The best way to teach physics to girls appears to be to focus on answers to questions like: What is it? What is light made out of? What is matter made out of? What laws govern the universe? Why those laws and not others?
How we see influences how we perceive the world and what we like to read and how we like to write, particularly when we are young. In my book, Boys Adrift, I explored how a lack of awareness of this point disengages boys in subjects such as creative writing and visual arts. Some boys want to write stories with an emphasis on action, but they lose their enthusiasm when the teacher says, “Tell me more about your characters, Justin: What do they look like? What kind of clothes are they wearing?” The teacher wants Justin to emphasize the features that engage the “what” visual system, but Justin wants to tell a story that engages the “where” visual system.
Most teachers don’t know anything about sex differences in the visual system. Very few schools of education provide any instruction on this topic, or on anything related to sex differences in best practice for teaching various subjects. (8)
The general lack of awareness of gender differences disadvantages both girls and boys. The result too often is a school where the boys think creative writing is for girls, while the girls believe that physics is for guys. When teachers do understand these gender differences, you can break down gender stereotypes. As Jenn Alabaster and others have found, girls love physics if you know how to teach it to them.
1. I have borrowed the title of this section from Melissa Hines and Gerianne Alexander, “Monkeys, girls, boys and toys,” Hormones and Behavior, volume 54 (2008), pp. 478–479.

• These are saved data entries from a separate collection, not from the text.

Lemma kermx_nabla : (kermx N == kermx (d1mx c z) *m wedge_mx)%MS.
Proof.
apply/andP; split; apply/row_subP => i.
  have /sub_kermxP/nabla_eq0_wedge[x row_x] := row_sub i (kermx N).
  rewrite row_x submxMr // sub_kermx -mul_wedge_nabla_eq0 -row_x -sub_kermx.
  exact: row_sub.
rewrite row_mul sub_kermx mul_wedge_nabla_eq0 -sub_kermx; exact: row_sub.
Qed.

Lemma cap_kermx_wedge : (kermx (d1mx c z) :&: kermx wedge_mx == z)%MS.
Proof.
have zw0 : z *m wedge_mx = 0.
  apply/rowP => q; rewrite -[q]enum_valK -wedge_coordE wedge_coord_wedge.
  by rewrite mxE mulrC subrr.
apply/andP; split.
  apply: submx_trans (capmxSr _ _) _; apply/row_subP => i.
  by apply: wedge_mx_eq0; apply/sub_kermxP; exact: row_sub.
by rewrite sub_capmx !sub_kermx -mul_wedge_nabla_eq0 zw0 mul0mx !eqxx.
Qed.

Lemma H1dim_nabla : H1dim c z = \rank (kermx N).
Proof.
have := mxrank_mul_ker (kermx (d1mx c z)) wedge_mx.
rewrite -(eqmx_rank kermx_nabla) (eqmx_rank cap_kermx_wedge) rank_rV z_neq0.
by rewrite /H1dim /d0mx rank_rV z_neq0 => <-; rewrite addnK.
Qed.

End KoszulComplex.

Theorem lemma4p2 (n m : nat) (c : cupdata n m) (k : nat) (z : 'rV[CC]_n) :
  z != 0 -> (Wk c k z <-> Rk c k z).
Proof.
move=> z_neq0; rewrite /Wk zero_locus_fitting /Rk H1dim_nabla // mxrank_ker.
have := rank_leq_row (eval_mx (nabla c) z); lia.
Qed.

2. Gerianne Alexander and Melissa Hines, “Sex differences in response to children’s toys in non-human primates,” Evolution and Human Behavior, volume 23 (2002), pp. 467–479.
3. Gerianne Alexander, “An evolutionary perspective of sex-typed toy preferences: pink, blue, and the brain,” Archives of Sexual Behavior, volume 32 (2003), pp. 7–14.
4. Leslie Ungerleider and Mortimer Mishkin are the neuroscientists most often credited for being the first—in the early 1980s—to recognize explicitly the anatomical distinction between the “what” system and the “where” system. See, for example, their paper (co-written with Kathleen Macko) entitled “Object vision and spatial vision: two cortical pathways,” Trends in Neuroscience, volume 6 (1983), pp. 414–417.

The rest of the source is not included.